Looking at the list above it’s easy to see how locator strategies will vary when you change projects. The best thing you can do is learn solid generalized approaches for working with locators, then learn how to adapt them when you move to another project.

Storing and Defining Locators

How you store your locators in your test scripts is critical. You absolutely must use some form of centralized definition for your locators. Avoid, at all costs, duplication of locator definition. Duplicated locators means you’ll have to edit ten, 50, or hundreds of files every time your UI changes. Note that’s when, not if your UI changes… That’s simply untenable over the long run. You’ll end up spending more time fixing broken tests than adding value elsewhere, and it’s guaranteed you’ll miss updating elements. Guaranteed.

There are several approaches to locator storage: dictionaries, static classes, and the page object pattern are just a few.

In this article I won’t be using any of these. I’m purposely leaving the definitions inline for clarity’s sake. Sometimes you do the wrong thing (or less-optimal-thing) when writing demo code, and this is one of those instances.

I’ll be covering page objects in a later article, but for now please remember: Kids, don’t do this in your production code!

How Locators Work

Locators give your test script a way to find objects of interest on the page or view. Locators rely on the structure of the page, properties of the target element, or sometimes both.

Let’s have a look at the Document Object Model (DOM) of a simple web page. Let’s imagine we’re writing a logon script that will be used as a component for other tests. In this case we’ll need to click the Login link, then fill in user name and password, and finally click the Login button.

The image above shows part of the page’s structure including the elements for the Username label and input fields. The rest of the Locators discussion will focus on this example as we walk through different approaches for locating elements.

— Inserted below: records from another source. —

(* For any Dyck path $\lambda\in\mathbf D_N$, \[ \prod_{\substack{1<i\le N\\ r_i(\lambda)=r_{i-1}(\lambda)+1}}\bigl(1+z\,t^{-r_i(\lambda)}\bigr)=\prod_{\substack{1<i\le N\\ c_i(\lambda)=c_{i-1}(\lambda)+1}}\bigl(1+z\,t^{-c_i(\lambda)}\bigr). \]
   Context: A Dyck path $\lambda\in\mathbf D_N$ is a lattice path of south and east unit steps from $(0,N)$ to $(N,0)$ lying weakly below the segment joining these points; the staircase path $\delta$ alternates south and east steps. $r_i(\lambda)$ is the number of lattice squares in the $i$-th row (rows numbered north to south) lying above $\lambda$ and below $\delta$; $c_i(\lambda)$ is the number of such squares in the $i$-th column, columns numbered from right to left (equivalently $c_i(\lambda)=r_i(\lambda^* )$ for the transposed path). $z,t$ are indeterminates. *)

From HB Require Import structures.
From mathcomp Require Import all_boot all_order all_algebra.
Set Implicit Arguments. Unset Strict Implicit. Unset Printing Implicit Defensive.
Import Order.TTheory GRing.Theory Num.Theory.

(* A lattice path from (0,N) to (N,0) is encoded by its sequence of unit
   steps: [true] = south step, [false] = east step. *)

(* Dyck path of size N: N south and N east steps, and the path stays weakly
   below the segment x + y = N, i.e. after every prefix the number of east
   steps does not exceed the number of south steps. *)
Definition is_dyck (N : nat) (s : seq bool) : Prop :=
  [/\ size s = (2 * N)%N, count id s = N &
      forall k, (count negb (take k s) <= count id (take k s))%N].

Fixpoint steps_before (b : bool) (k : nat) (s : seq bool) : nat :=
  match s with
  | [::] => 0
  | x :: s' =>
      if x == b then (if k is k'.+1 then steps_before b k' s' else 0)
      else (steps_before b k s').+1
  end.

(* Row i (1 <= i <= N, numbered north to south) is the strip
   N-i <= y <= N-i+1.  The staircase delta has its south step of that row at
   x = i-1; lambda has it at x = (number of east steps before its i-th south
   step) <= i-1.  r_i = number of unit squares of row i between them. *)
Definition rowr (N : nat) (s : seq bool) (i : nat) : nat :=
  (i.-1 - steps_before true i.-1 s)%N.

(* Column i (1 <= i <= N, numbered right to left) is the strip
   N-i <= x <= N-i+1, containing the (N-i+1)-th east step (0-based index N-i).
   delta's east step there is at height i-1; lambda's is at height
   N - (number of south steps before it).  c_i = number of squares between,
   i.e. (#south before) + i - 1 - N = (#south before) - (N-i+1). *)
Definition colc (N : nat) (s : seq bool) (i : nat) : nat :=
  (steps_before false (N - i) s - (N - i).+1)%N.

From HB Require Import structures.
From mathcomp Require Import all_boot all_order all_algebra.
From mathcomp Require Import zify.
Import GRing.Theory.

(* A row with r_i = r_(i-1) + 1 comes from two consecutive south steps, and r_i
   is the excess (#south - #east) of the prefix ending between them; dually a
   column with c_i = c_(i-1) + 1 comes from two consecutive east steps, and c_i
   is the excess between them.  A Dyck path enters each level v > 0 from below
   as often as it leaves it downwards, so at every level there are as many
   south-south as east-east junctions: both products run over the same
   multiset of exponents.  This is proved by induction on prefixes, keeping
   track of the levels 1..excess that have been crossed upwards but not yet
   downwards. *)

Set Implicit Arguments.
Unset Strict Implicit.
Unset Printing Implicit Defensive.

Fixpoint unit_ascents (s : seq nat) : seq nat :=
  if s is x :: s' then
    (if s' is y :: _ then (if y == x.+1 then [:: y] else [::]) else [::])
      ++ unit_ascents s'
  else [::].

Lemma unit_ascents_cons2 x y s :
  unit_ascents [:: x, y & s] =
  (if y == x.+1 then [:: y] else [::]) ++ unit_ascents (y :: s).
Proof. by []. Qed.

Lemma unit_ascents_rcons s y :
  unit_ascents (rcons s y) =
  unit_ascents s ++ (if (s != [::]) && (y == (last 0 s).+1) then [:: y] else [::]).
Proof.
elim: s => [|x [|x' s] IH] //; first by rewrite /= cats0.
by rewrite !rcons_cons unit_ascents_cons2 -rcons_cons IH unit_ascents_cons2 catA.
Qed.

Lemma big_unit_ascents (R : Type) (idx : R) (op : Monoid.law idx)
    (F : nat -> R) (g : nat -> nat) m n :
  \big[op/idx]_(m.+1 <= i < m + n | g i == (g i.-1).+1) F (g i)
  = \big[op/idx]_(y <- unit_ascents [seq g i | i <- iota m n]) F y.
Proof.
elim: n m => [|[|n] IH] m; first by rewrite addn0 big_geq ?big_nil.
  by rewrite addn1 big_geq ?big_nil.
rewrite big_ltn_cond; last by lia.
rewrite -addSnnS IH unit_ascents_cons2 big_cat.
by case: ifP; rewrite ?big_cons big_nil ?Monoid.simpm.
Qed.

Lemma rev_map_iota (h : nat -> nat) n :
  rev [seq h i | i <- iota 0 n] = [seq h (n - i) | i <- iota 1 n].
Proof.
elim: n => [|n IH] //.
rewrite -addn1 iotaD map_cat rev_cat IH /= add0n addn1 /= subSS subn0.
by rewrite (iotaDl 1 1 n) -map_comp; congr (_ :: _); apply/eq_map => i /=.
Qed.

Lemma steps_before_cat b k s1 s2 :
  steps_before b k (s1 ++ s2) =
  if k < count (pred1 b) s1 then steps_before b k s1
  else count (predC1 b) s1 + steps_before b (k - count (pred1 b) s1) s2.
Proof.
elim: s1 k => [|x s1 IH] k /=; first by rewrite subn0.
case: (x =P b) => _ /=; last by rewrite IH add0n; case: ifP.
by case: k => [|k] //; rewrite IH add1n ltnS subSS.
Qed.

Definition ballot (w : seq bool) : Prop :=
  forall k, count negb (take k w) <= count id (take k w).

Definition excess (w : seq bool) : nat := count id w - count negb w.

(* Under [ballot w], [row_seq w] lists the excess just before each south
   step of [w], and [col_seq w] the excess just after each east step. *)
Definition row_seq (w : seq bool) : seq nat :=
  [seq k - steps_before true k w | k <- iota 0 (count id w)].

Definition col_seq (w : seq bool) : seq nat :=
  [seq steps_before false j w - j.+1 | j <- iota 0 (count negb w)].

Lemma size_row_seq w : size (row_seq w) = count id w.
Proof. by rewrite size_map size_iota. Qed.

Lemma row_seq_rcons w x :
  row_seq (rcons w x) = if x then rcons (row_seq w) (excess w) else row_seq w.
Proof.
have cnt1 s : count (pred1 true) s = count id s by apply: eq_count => -[].
have cntC1 s : count (predC1 true) s = count negb s by apply: eq_count => -[].
rewrite /row_seq -cats1 count_cat iotaD map_cat.
have -> : [seq k - steps_before true k (w ++ [:: x]) | k <- iota 0 (count id w)]
          = row_seq w.
  apply/eq_in_map => k; rewrite mem_iota => /andP[_ ltk].
  by rewrite steps_before_cat cnt1 ltk.
case: x => /=; last by rewrite cats0.
by rewrite steps_before_cat cnt1 ltnn cntC1 subnn addn0 cats1.
Qed.

Lemma col_seq_rcons w x :
  col_seq (rcons w x) = if x then col_seq w else rcons (col_seq w) (excess w).-1.
Proof.
have cnt1 s : count (pred1 false) s = count negb s by apply: eq_count => -[].
have cntC1 s : count (predC1 false) s = count id s by apply: eq_count => -[].
rewrite /col_seq -cats1 count_cat iotaD map_cat.
have -> : [seq steps_before false j (w ++ [:: x]) - j.+1 | j <- iota 0 (count negb w)]
          = col_seq w.
  apply/eq_in_map => j; rewrite mem_iota => /andP[_ ltj].
  by rewrite steps_before_cat cnt1 ltj.
case: x => /=; first by rewrite cats0.
by rewrite steps_before_cat cnt1 ltnn cntC1 subnn addn0 subnS cats1.
Qed.

Lemma ballot_count w : ballot w -> count negb w <= count id w.
Proof. by move/(_ (size w)); rewrite take_size. Qed.

Lemma ballot_rcons w x : ballot (rcons w x) -> ballot w.
Proof.
move=> bal k; have [lek|ltk] := leqP k (size w).
  by have := bal k; rewrite -cats1 takel_cat.
have := bal (size w); rewrite -cats1 takel_cat // take_size.
by rewrite take_oversize // ltnW.
Qed.

Lemma excess_rcons w x : count negb w <= count id w ->
  excess (rcons w x) = if x then (excess w).+1 else (excess w).-1.
Proof.
by move=> le_w; rewrite /excess -cats1 !count_cat; case: x => /=; lia.
Qed.

Lemma row_seq_last w : ballot w ->
  excess w <= (last 0 (row_seq w)).+1 ?= iff last false w.
Proof.
elim/last_ind: w => [|w x IH] bal //.
have balw := ballot_rcons bal.
have cnt := ballot_count bal; rewrite -cats1 !count_cat in cnt.
rewrite row_seq_rcons excess_rcons ?ballot_count // last_rcons.
case: x bal cnt => _ /= cnt; first by rewrite last_rcons; apply/leqif_refl.
have [le_e _] := IH balw; split; [|apply/negbTE]; rewrite /excess in le_e *; lia.
Qed.

Lemma col_seq_last w : ballot w ->
  last 0 (col_seq w) <= excess w ?= iff ~~ last false w.
Proof.
elim/last_ind: w => [|w x IH] bal //.
have balw := ballot_rcons bal.
rewrite col_seq_rcons excess_rcons ?ballot_count // last_rcons.
case: x bal => _ /=; last by rewrite last_rcons; apply/leqif_refl.
have [le_c _] := IH balw; split; [|apply/negbTE]; lia.
Qed.

(* If [w] ends with a south step, a further south step would produce a
   south-south junction at the current level: the correction term on the left. *)
Lemma count_unit_ascents_row_col w v : ballot w ->
  count_mem v (unit_ascents (row_seq w)) + (last false w && (v == excess w))
  = count_mem v (unit_ascents (rev (col_seq w))) + (0 < v <= excess w).
Proof.
elim/last_ind: w => [|w x IH] bal; first by case: v.
have balw := ballot_rcons bal; have IHv := IH balw.
have [_ eq_row] := row_seq_last balw; have [_ eq_col] := col_seq_last balw.
have cnt := ballot_count bal; rewrite -cats1 !count_cat in cnt.
rewrite row_seq_rcons col_seq_rcons excess_rcons ?ballot_count // last_rcons.
case: x bal cnt => _ /= cnt.
  rewrite unit_ascents_rcons count_cat.
  have -> : (row_seq w != [::]) && (excess w == (last 0 (row_seq w)).+1)
            = last false w.
    case: (row_seq w =P [::]) => [row0|_]; last by rewrite eq_row.
    have : count id w = 0 by rewrite -size_row_seq row0.
    by rewrite -eq_row row0 /excess => ->.
  by move: IHv; case: (last false w) => /=; lia.
have e_pos : 0 < excess w by rewrite /excess; lia.
rewrite rev_rcons; move: IHv eq_col; case/lastP: (col_seq w) => [|s y].
  by case: (last false w) => /=; lia.
rewrite last_rcons rev_rcons unit_ascents_cons2 count_cat prednK //.
move=> IHv eq_col; set U := count_mem v (unit_ascents (y :: rev s)) in IHv *.
case: (y =P excess w) eq_col => [->|_] /= eq_col;
  by move: IHv; case: (last false w) eq_col => //= _; lia.
Qed.

Local Open Scope ring_scope.

Theorem lemma2p2p4 (R : comUnitRingType) (z t : R) (N : nat) (lam : seq bool) :
  t \is a GRing.unit ->
  is_dyck N lam ->
  \prod_(2 <= i < N.+1 | rowr N lam i == (rowr N lam i.-1).+1)
      (1 + z * t ^- (rowr N lam i))
  = \prod_(2 <= i < N.+1 | colc N lam i == (colc N lam i.-1).+1)
      (1 + z * t ^- (colc N lam i)).
Proof.
(* Both sides are products over the same multiset, so t need not be a unit. *)
move=> _ [size_lam south_lam ballot_lam].
have east_lam : count negb lam = N.
  have := count_predC id lam.
  by rewrite size_lam south_lam (eq_count (a2 := negb)) //; lia.
have rowsE : [seq rowr N lam i | i <- iota 1 N] = row_seq lam.
  by rewrite /row_seq south_lam (iotaDl 1 0 N) -map_comp.
have colsE : [seq colc N lam i | i <- iota 1 N] = rev (col_seq lam).
  by rewrite /col_seq east_lam rev_map_iota.
rewrite -[N.+1]add1n.
rewrite (big_unit_ascents _ (fun y => 1 + z * t ^- y) (rowr N lam)) rowsE.
rewrite (big_unit_ascents _ (fun y => 1 + z * t ^- y) (colc N lam)) colsE.
apply/perm_big/allP => v _; apply/eqP.
have := count_unit_ascents_row_col v ballot_lam.
have [_ ends_east] := row_seq_last ballot_lam.
rewrite /excess south_lam east_lam subnn in ends_east *.
by rewrite -ends_east /=; lia.
Qed.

Unsurprisingly, locator mechanics differ between automation toolsets, and can also differ in how teams use those toolsets.

Types of Locators

Locators can be defined in several ways. You’ll absolutely need to know several different approaches for your project-it’s rare that every element in your page/view can be accessed with the same strategy.

We’ll use the following screen as an example when walking through discussing the various locator types. We’ll focus in on locating the input element for the Username field-the one that’s highlighted on the page below and in the DOM displayed in the Firebug plugin for Firefox.

IDs

An ID is a value for an attribute in an HTML element. IDs aren’t required to be present, but can be generated by the platform stack, the control, libraries, or manually added/altered by the developer. If the page is valid HTML then every ID value must be unique across the entire page. Please note I explicitly said valid HTML. Invalid HTML pages might have duplicated IDs.

Using IDs in WebDriver is extremely simple as demonstrated by the following snippet of C# code which uses the browser object to find elements by their ID value and perform various actions on them:

IDs as locators bring us a couple tremendous benefits. First, because each ID value must be unique, our script can find that element regardless of changes to the page. Our element can move around, other elements can be added or removed on the page, but our script will always find the element we’re looking for.

There’s also a critical issue to consider about IDs: speed. Every browser resolves IDs lightning fast. Microseconds may not seem like much individually, but it can add up to significant blocks of time when you’re looking at a test suite with tens of thousands of tests and huge numbers of element resolutions.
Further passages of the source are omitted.